▶ [Your objective]:
From the records, report how many lines hold the word "divff", with the number as the sole reply.

▶ [Entries supplied]:
________________

(* Change basis to (x, e_2, ..., e_n), then clear the first row and column. *)
Lemma qform_split_head n (A : 'M[k]_(1 + n)) (x : 'rV_(1 + n)) :
  A^T = A -> A \in unitmx -> x 0 0 != 0 -> qvalmx A x != 0 ->
  exists D : 'M[k]_n, [/\ D^T = D, D \in unitmx &
    isometric (QForm A) (qsum (qdiag [:: qvalmx A x]) (QForm D))].
Proof.
move=> sA uA x0 c0; set c := qvalmx A x.
pose P : 'M[k]_(1 + n) := block_mx (lsubmx x) (rsubmx x) 0 1%:M.
have uP : P \in unitmx.
  rewrite unitmxE det_ublock det1 mulr1 det_mx11 unitfE mxE.
  by have -> : lshift n (0 : 'I_1) = 0 by apply: val_inj.
pose B := P *m A *m P^T.
have sB : B^T = B by rewrite /B !trmx_mul trmxK sA mulmxA.
have eC : ulsubmx B = c%:M.
  rewrite [LHS]mx11_scalar; congr (_%:M).
  have uPx : usubmx P = x by rewrite /P block_mxEv col_mxKu hsubmxK.
  by rewrite /B /ulsubmx -mul_usub_mx -mul_usub_mx uPx -mulmx_lsub -trmx_usub uPx.
set w := ursubmx B; set D := drsubmx B.
have eDL : dlsubmx B = w^T by rewrite /w trmx_ursub sB.
pose Q : 'M[k]_(1 + n) := block_mx 1%:M 0 (- c^-1 *: w^T) 1%:M.
pose D' := D - c^-1 *: (w^T *m w).
have eB' : Q *m B *m Q^T = block_mx c%:M 0 0 D'.
  rewrite -[B in LHS]submxK eC eDL -/w -/D tr_block_mx !mulmx_block.
  rewrite ?mul1mx ?mul0mx ?mulmx0 ?mulmx1 ?addr0 ?add0r ?trmx0 ?trmx1.
  rewrite ?mul1mx ?mul0mx ?mulmx0 ?mulmx1 ?addr0 ?add0r.
  have -> : - c^-1 *: w^T *m c%:M + w^T = 0.
    by rewrite mul_mx_scalar scalerA mulrN divff // scaleN1r addNr.
  have -> : c%:M *m (- c^-1 *: w^T)^T + w = 0.
    by rewrite linearZ /= trmxK mul_scalar_mx scalerA mulrN divff // scaleN1r addNr.
  by rewrite mul0mx add0r /D' -scalemxAl scaleNr addrC.
have uQ : Q \in unitmx by rewrite unitmxE det_lblock !det1 mulr1 unitr1.
exists D'; split.
- by rewrite /D' linearB /= linearZ /= trmx_mul trmxK /D trmx_drsub sB.
- have : Q *m B *m Q^T \in unitmx by rewrite !unitmx_mul !unitmx_tr uQ uP uA.
  by rewrite eB' !unitmxE det_ublock unitrM => /andP [].
apply: isometric_trans (isometric_unitmx uP (erefl B)) _.
apply: isometric_trans (isometric_unitmx uQ eB') _.
change (isometric (qsum (QForm (c%:M : 'M[k]_1)) (QForm D'))
                  (qsum (qdiag [:: c]) (QForm D'))).
apply: (isometric_qsum _ (isometric_refl _)).
by apply: (@isometric_cast _ _ _ _ _ (erefl 1%N)) => i j; rewrite !ord1 !mxE.
Qed.
Lemma class_coef_drop t R0 R :
  class_coef (drop_class t R0) R = if frack_iso R R0 then 0 else class_coef t R.
Proof.
rewrite /class_coef big_filter_cond; case: ifP => [RR0 | notRR0].
  rewrite big_pred0 // => p; apply/negP => /andP [/negP notpR0 pR].
  exact/notpR0/(frack_iso_trans pR RR0).
apply: eq_bigl => p; case: (boolP (frack_iso p.1 R)) => pR; rewrite ?andbF ?andbT //.
apply: contraFN notRR0 => pR0; exact: frack_iso_trans (frack_iso_sym pR) pR0.
Qed.

Lemma size_drop_class t p0 : p0 \in t -> (size (drop_class t p0.1) < size t)%N.
Proof.
move=> p0t; rewrite size_filter.
rewrite -[in X in (_ < X)%N](count_predC (fun p => ~~ frack_iso p.1 p0.1)).
rewrite -addn1 leq_add2l -has_count; apply/hasP; exists p0 => //=.
by rewrite negbK frack_iso_refl.
Qed.

Lemma drop_class_ind (P : fsum -> Prop) :
  (forall t, (forall p0, p0 \in t -> P (drop_class t p0.1)) -> P t) -> forall t, P t.
Proof.
move=> IHP t; have [n] := ubnP (size t); elim: n t => // n IH t t_size.
by apply: IHP => p0 p0t; apply: IH; apply: leq_trans (size_drop_class p0t) _; rewrite -ltnS.
Qed.

Lemma fsum_eval_drop_class w t R0 : (forall C C', frack_iso C C' -> w C = w C') ->
  fsum_eval w t = class_coef t R0 * w R0 + fsum_eval w (drop_class t R0).
Proof.
move=> w_iso; rewrite /fsum_eval big_filter (bigID (fun p => frack_iso p.1 R0)) /=.
by rewrite mulr_suml; congr (_ + _); apply: eq_bigr => p pR0; rewrite (w_iso _ _ pR0).
Qed.

Lemma seq_max_elem (T : eqType) (f : T -> nat) (s : seq T) : s != [::] ->
  exists2 x, x \in s & forall y, y \in s -> (f y <= f x)%N.
Proof.
elim: s => // a [_ _ | b s IH _]; first by exists a => [|y]; rewrite ?mem_seq1 // => /eqP ->.
have [x xs xmax] := IH isT.
have [ax | xa] := leqP (f a) (f x).
  by exists x => [|y]; rewrite inE ?xs ?orbT // => /orP [/eqP -> | /xmax].
exists a => [|y]; rewrite ?mem_head // inE => /orP [/eqP -> // | /xmax yx].
exact: leq_trans yx (ltnW xa).
Qed.

Lemma class_coef_max_eq0 t R0 : (forall p, p \in t -> (tag p.1 <= tag R0)%N) ->
  fsum_eval (mark R0) t = 0 -> class_coef t R0 = 0.
Proof.
move=> R0max; rewrite (fsum_eval_drop_class t R0 (@mark_iso R0)).
rewrite [fsum_eval _ _]big1_seq ?addr0 => [|p /andP [_]]; last first.
  rewrite mem_filter => /andP [notpR0 pt]; rewrite /mark (ninj_size_le (R0max p pt)).
  by case: ifP => [/frack_iso_sym pR0 | _]; [rewrite pR0 in notpR0 | rewrite mulr0].
move/eqP; rewrite mulf_eq0 => /orP [/eqP // |].
by rewrite /mark; case: (ninj R0 R0) (ninj_self_gt0 R0).
Qed.

Lemma class_coef_eq0_marks t : {in t, forall p, connected_frack p.1} ->
  (forall Q, connected_frack Q -> fsum_eval (mark Q) t = 0) ->
  forall R, class_coef t R = 0.
Proof.
elim/drop_class_ind: t => t IH t_conn t_marks R.
have [-> | t_nil] := eqVneq t [::]; first by rewrite /class_coef big_nil.
have [p0 p0t p0max] := seq_max_elem (fun p => tag p.1) t_nil; set R0 := p0.1.
have c0 : class_coef t R0 = 0 by apply: class_coef_max_eq0 p0max (t_marks _ (t_conn _ p0t)).
have [RR0 | notRR0] := boolP (frack_iso R R0); first by rewrite (class_coef_iso t RR0).
have -> : class_coef t R = class_coef (drop_class t R0) R.
  by rewrite class_coef_drop (negbTE notRR0).
apply: (IH p0 p0t) => [p | Q Qc]; first by rewrite mem_filter => /andP [_ /t_conn].
by rewrite -(t_marks Q Qc) (fsum_eval_drop_class t R0 (@mark_iso Q)) c0 mul0r add0r.
Qed.

Lemma iso_class_rel R0 (c : fsum) : is_frack R0 ->
  (forall p, p \in c -> is_frack p.1 /\ frack_iso p.1 R0) ->
  in_rel (c ++ [:: (R0, - \sum_(p <- c) p.2)]).
Proof.
move=> R0r; elim: c => [_ | p c IH c_iso].
  by apply: in_rel_ext in_rel_nil _ => R; rewrite /= big_nil !coef_cons coef_nil; ring.
have [pr pR0] := c_iso p (mem_head p c).
have p_gen : generator [:: (p.1, 1); (R0, -1)] by left; exists p.1, R0.
have := in_rel_gen p.2 p_gen (IH (fun q qc => c_iso q (predU1r _ _ qc))).
move/in_rel_ext; apply => R.
by rewrite /= big_cons !(coef_cat, coef_cons, coef_scale, coef_nil) /=; ring.
Qed.

Lemma class_coef_eq0_rel t : {in t, forall p, connected_frack p.1} ->
  (forall R, connected_frack R -> class_coef t R = 0) -> in_rel t.
Proof.
elim/drop_class_ind: t => t IH t_conn t_coef.
case: t IH t_conn t_coef => [|p0 t0] IH t_conn t_coef; first exact: in_rel_nil.
set t := p0 :: t0 in IH t_conn t_coef *; set R0 := p0.1.
have R0c : connected_frack R0 by apply/t_conn/mem_head.
have class_rel : in_rel [seq p <- t | frack_iso p.1 R0].
  have class_iso p : p \in [seq p <- t | frack_iso p.1 R0] -> is_frack p.1 /\ frack_iso p.1 R0.
    by rewrite mem_filter => /andP [pR0 /t_conn []].
  apply: in_rel_ext (iso_class_rel R0c.1 class_iso) _ => R.
  rewrite coef_cat coef_cons coef_nil big_filter -/(class_coef t R0) (t_coef R0 R0c) /=.
  by ring.
have drop_rel : in_rel (drop_class t R0).
  apply: (IH p0 (mem_head p0 t0)) => [p | R Rc].
    by rewrite mem_filter => /andP [_ /t_conn].
  by rewrite class_coef_drop t_coef //; case: ifP.
apply: in_rel_ext (in_rel_cat class_rel drop_rel) _ => R.
exact/coef_perm/permEl/perm_filterC.
Qed.

(** * Splitting a finite rack into connected components *)

Definition mkfrack (T : finType) (op : T -> T -> T) : frack :=
  existT _ #|T| [ffun a => [ffun b => enum_rank (op (enum_val a) (enum_val b))]].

________________

▶ [Task response]:
2